* **AIM OF THE TASK**: In the entries below, find the line with "Hypothesis neA : exists a, A a." and the line with "have appr n". Reproduce those two lines and every line between them exactly, and nothing more.

• • • • •

Lemma ler_dsum_term (F : LJ I J) i j : (forall i j, 0 <= F i j) -> F i j <= dsum F.
Proof.
move=> F0; apply: Rle_trans (ler_rsum_term (f := fun i => F i j) i (F0^~ j)) _.
by apply: (ler_rsum_term (f := fun j => rsum (fun i => F i j))) => k; apply: rsum_ge0.
Qed.

Lemma dsum_delta i0 j0 c :
  dsum (fun i j => if (i == i0) && (j == j0) then c else 0) = c.
Proof.
rewrite /dsum -[RHS](rsum_delta j0); apply: eq_rsum => j.
have [_|_] := boolP (j == j0).
  by rewrite -[RHS](rsum_delta i0 c); apply: eq_rsum => i; rewrite andbT.
by rewrite -[RHS](rsum0 I); apply: eq_rsum => i; rewrite andbF.
Qed.

Lemma nrm2_ge0 x : 0 <= nrm2 x.
Proof. by apply: dsum_ge0 => i j; nra. Qed.

Lemma sqr_le_nrm2 x i j : x i j * x i j <= nrm2 x.
Proof. by apply: (ler_dsum_term (F := fun i j => x i j * x i j)) => k l; nra. Qed.

End DoubleSums.

Lemma is_glb_exists (E : R -> Prop) :
  (exists x, E x) -> (exists K, forall x, E x -> K <= x) -> exists m, is_glb E m.
Proof.
move=> [x0 Ex0] [K EK].
have bnd : bound (fun y => E (- y)) by exists (- K) => y /EK; lra.
have ne : exists y, E (- y) by exists (- x0); rewrite /= Ropp_involutive.
have [M [ubM lubM]] := completeness _ bnd ne.
exists (- M); split.
  by move=> x Ex; have := ubM (- x) ltac:(by rewrite /= Ropp_involutive); lra.
move=> b lbb; have : M <= - b by apply: lubM => y /lbb; lra.
lra.
Qed.

Lemma is_glb_approx (E : R -> Prop) m e :
  is_glb E m -> 0 < e -> exists x, E x /\ x < m + e.
Proof.
move=> [_ glb] e0; apply: NNPP => nox.
have : m + e <= m; last lra.
by apply: glb => x Ex; apply: Rnot_lt_le => lt; apply: nox; exists x.
Qed.

Lemma inv_succ_lt (d : R) : 0 < d -> exists N, forall n, le N n -> / (INR n + 1) < d.
Proof.
move=> d0; have [N [invN N0]] := archimed_cor1 d d0; exists N => n Nn.
have : INR N <= INR n by apply: le_INR.
have : 0 < INR N by apply: lt_0_INR.
by move=> *; apply: Rle_lt_trans invN; apply: Rinv_le_contravar; lra.
Qed.

Lemma Rabs_lt_of_sqr_lt x e : 0 < e -> x * x < e * e -> Rabs x < e.
Proof. by move=> e0 xe; split_Rabs; nra. Qed.

Lemma Rabs_sub_cv_le (U : nat -> R) l c N d :
  Un_cv U l -> (forall m, le N m -> Rabs (c - U m) < d) -> Rabs (c - l) <= d.
Proof.
move=> Ul Ud; apply: Rnot_lt_le => lt.
have [M UM] := Ul (Rabs (c - l) - d) ltac:(lra).
have := UM (Nat.max N M) ltac:(lia); have := Ud (Nat.max N M) ltac:(lia).
by rewrite /R_dist; split_Rabs; lra.
Qed.

Section UniformLimits.
Variables I J : nat.

Definition unif_cvg (x : nat -> LJ I J) (l : LJ I J) : Prop :=
  forall d, 0 < d -> exists N, forall n, le N n -> forall i j, Rabs (x n i j - l i j) <= d.

Lemma unif_cauchy_cvg (x : nat -> LJ I J) :
  (forall d, 0 < d -> exists N, forall n m, le N n -> le N m ->
     forall i j, Rabs (x n i j - x m i j) < d) ->
  exists l, unif_cvg x l.
Proof.
move=> cau.
have cau_ij i j : Cauchy_crit (fun n => x n i j).
  move=> e e0; have [N xN] := cau e e0; exists N => n m Nn Nm; exact: xN.
exists (fun i j => proj1_sig (R_complete _ (cau_ij i j))) => d d0.
have [N xN] := cau d d0; exists N => n Nn i j.
apply: (Rabs_sub_cv_le (N := N) (proj2_sig (R_complete _ (cau_ij i j)))) => m Nm.
exact: xN.
Qed.

Lemma closedL_unif_cvg (A : LJ I J -> Prop) (x : nat -> LJ I J) l :
  closedL A -> (forall n, A (x n)) -> unif_cvg x l -> A l.
Proof.
move=> clA Ax xl; apply: NNPP => notAl.
have [e [e0 ball_e]] := clA l notAl.
have [N xN] := xl (e / 2) ltac:(lra).
by apply: (ball_e (x N)) => // i j; have := xN N (le_n N) i j; lra.
Qed.

End UniformLimits.

Lemma sqr_sub_le_near x y z d : Rabs (z - y) <= d -> d <= 1 ->
  (x - y) * (x - y) <= (x - z) * (x - z) + d * (2 * Rabs (x - y) + 1).
Proof. by move=> zy d1; split_Rabs; nra. Qed.

Section Projection.
Variables (I J : nat) (A : LJ I J -> Prop) (w0 : LJ I J).
Hypothesis convA : forall a b t, A a -> A b -> 0 <= t <= 1 ->
  A (fun i j => t * a i j + (1 - t) * b i j).

Definition dist2 (a : LJ I J) : R := nrm2 (fun i j => w0 i j - a i j).

Lemma approx_minimizers_close D a b ea eb i j :
  (forall c, A c -> D <= dist2 c) -> A a -> A b ->
  dist2 a <= D + ea -> dist2 b <= D + eb ->
  (a i j - b i j) * (a i j - b i j) <= 2 * ea + 2 * eb.
Proof.
move=> lbD Aa Ab da db.
pose mid := fun i j => / 2 * a i j + (1 - / 2) * b i j.
have := lbD mid (convA (t := / 2) Aa Ab ltac:(lra)).
have := sqr_le_nrm2 (fun i j => a i j - b i j) i j.
(* parallelogram law *)
have -> : nrm2 (fun i j => a i j - b i j) = 2 * dist2 a + 2 * dist2 b + (-4) * dist2 mid
  by rewrite dsum_comb3; apply: eq_dsum => k l; rewrite /mid; field.
lra.
Qed.

Lemma minimizing_seq_cauchy D (x : nat -> LJ I J) :
  (forall c, A c -> D <= dist2 c) -> (forall n, A (x n)) ->
  (forall n, dist2 (x n) < D + / (INR n + 1)) ->
  forall d, 0 < d -> exists N, forall n m, le N n -> le N m ->
    forall i j, Rabs (x n i j - x m i j) < d.
Proof.
move=> lbD Ax dx d d0; have [N invN] := @inv_succ_lt (d * d / 4) ltac:(nra).
exists N => n m Nn Nm i j; apply: Rabs_lt_of_sqr_lt => //.
have := approx_minimizers_close i j lbD (Ax n) (Ax m) (Rlt_le _ _ (dx n)) (Rlt_le _ _ (dx m)).
by have := invN n Nn; have := invN m Nm; lra.
Qed.

Lemma dist2_le_near l e : 0 < e -> exists d, 0 < d /\
  forall a, (forall i j, Rabs (a i j - l i j) <= d) -> dist2 l <= dist2 a + e.
Proof.
move=> e0; pose C := dsum (fun i j => 2 * Rabs (w0 i j - l i j) + 1).
have C0 : 0 <= C by apply: dsum_ge0 => i j; have := Rabs_pos (w0 i j - l i j); lra.
pose q := e / (C + 1).
have q0 : 0 < q by apply: Rdiv_lt_0_compat; lra.
have qC : q * (C + 1) = e by rewrite /q; field; lra.
exists (Rmin 1 q); split; first by apply: Rmin_glb_lt; lra.
move=> a; have := Rmin_l 1 q; have := Rmin_r 1 q; set d := Rmin 1 q => dq d1 al.
have : dist2 l <= 1 * dist2 a + d * C + 0 * C; last by nra.
rewrite /dist2 /nrm2 /C dsum_comb3; apply: ler_dsum => i j.
by have := sqr_sub_le_near (w0 i j) (al i j) d1; lra.
Qed.

Hypothesis closedA : closedL A.
Hypothesis neA : exists a, A a.

Lemma projection_exists : exists s, A s /\ forall a, A a -> dist2 s <= dist2 a.
Proof.
have [D [lbD glbD]] : exists D, is_glb (fun y => exists a, A a /\ y = dist2 a) D.
  apply: is_glb_exists; first by have [a Aa] := neA; exists (dist2 a), a.
  by exists 0 => _ [a [_ ->]]; apply: nrm2_ge0.
have lbD' c : A c -> D <= dist2 c by move=> Ac; apply: lbD; exists c.
have appr n : exists a, A a /\ dist2 a < D + / (INR n + 1).
  have inv0 : 0 < / (INR n + 1) by apply: Rinv_0_lt_compat; have := pos_INR n; lra.
  by have [_ [[a [Aa ->]] lt]] := is_glb_approx (conj lbD glbD) inv0; exists a.
pose x n := proj1_sig (constructive_indefinite_description _ (appr n)).
have [Ax dx] : (forall n, A (x n)) /\ (forall n, dist2 (x n) < D + / (INR n + 1)).
  by split=> n; case: (proj2_sig (constructive_indefinite_description _ (appr n))).
have [l xl] := unif_cauchy_cvg (minimizing_seq_cauchy lbD' Ax dx).
exists l; split; first exact: closedL_unif_cvg closedA Ax xl.
move=> a Aa; apply: Rle_trans (lbD' a Aa); apply: Rle_plus_epsilon => e e0.
have [d [d0 near]] := dist2_le_near l (e := e / 2) ltac:(lra).
have [N1 xN1] := xl d d0; have [N2 invN2] := @inv_succ_lt (e / 2) ltac:(lra).
have := near _ (xN1 (Nat.max N1 N2) ltac:(lia)).
by have := dx (Nat.max N1 N2); have := invN2 (Nat.max N1 N2) ltac:(lia); lra.
Qed.

Lemma projection_variational_ineq s : A s -> (forall a, A a -> dist2 s <= dist2 a) ->
  forall a, A a -> dsum (fun i j => (w0 i j - s i j) * (a i j - s i j)) <= 0.
Proof.
move=> As mins a Aa; set P := dsum _; pose Q := nrm2 (fun i j => a i j - s i j).
have Q0 : 0 <= Q := nrm2_ge0 _.
have step t : 0 < t <= 1 -> 2 * P <= t * Q.
  move=> t01; have := mins _ (convA (t := t) Aa As ltac:(lra)).
  have -> : dist2 (fun i j => t * a i j + (1 - t) * s i j)
            = 1 * dist2 s + (-2 * t) * P + (t * t) * Q
    by rewrite dsum_comb3; apply: eq_dsum => i j; ring.
  by nra.
apply: Rnot_lt_le => P0; pose q := P / (Q + 1).
have qQ : q * (Q + 1) = P by rewrite /q; field; lra.
have q0 : 0 < q by apply: Rdiv_lt_0_compat; lra.
have t0 : 0 < Rmin 1 q by apply: Rmin_glb_lt; lra.
have := step (Rmin 1 q) (conj t0 (Rmin_l _ _)).
by have := Rmin_r 1 q; nra.
Qed.

End Projection.

Lemma LJ_ext I J (u w : LJ I J) : (forall i j, u i j = w i j) -> u = w.
Proof.
by move=> uw; apply: functional_extensionality => i; apply: functional_extensionality.
Qed.

Lemma dot_Emu_sub_const I J (mu : 'I_J -> 'I_I -> R) (g : vecR J) (u : LJ I J)
    (v : vecR J) a :
  M1 mu -> dot g (@one_vec J) = 1 ->
  dot g (Emu mu (fun i j => u i j - (v j + a * @one_vec J j)))
  = dot g (fun j => Emu mu u j - v j) - a.
Proof.
move=> [_ mu1] g1.
have -> : dot g (fun j => Emu mu u j - v j) - a
          = dot g (fun j => Emu mu u j - v j) + - a * dot g (@one_vec J)
  by rewrite g1; ring.
rewrite /dot -rsumZ -rsumD; apply: eq_rsum => j; rewrite /Emu.
have -> : rsum (fun i => mu j i * (u i j - (v j + a * @one_vec J j)))
          = rsum (fun i => mu j i * u i j + - (v j + a) * mu j i).
  by apply: eq_rsum => i; rewrite /one_vec; ring.
by rewrite rsumD rsumZ mu1 /one_vec; ring.
Qed.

• • • • •

* **REPLY TO THE EXERCISE**:
Hypothesis neA : exists a, A a.

Lemma projection_exists : exists s, A s /\ forall a, A a -> dist2 s <= dist2 a.
Proof.
have [D [lbD glbD]] : exists D, is_glb (fun y => exists a, A a /\ y = dist2 a) D.
  apply: is_glb_exists; first by have [a Aa] := neA; exists (dist2 a), a.
  by exists 0 => _ [a [_ ->]]; apply: nrm2_ge0.
have lbD' c : A c -> D <= dist2 c by move=> Ac; apply: lbD; exists c.
have appr n : exists a, A a /\ dist2 a < D + / (INR n + 1).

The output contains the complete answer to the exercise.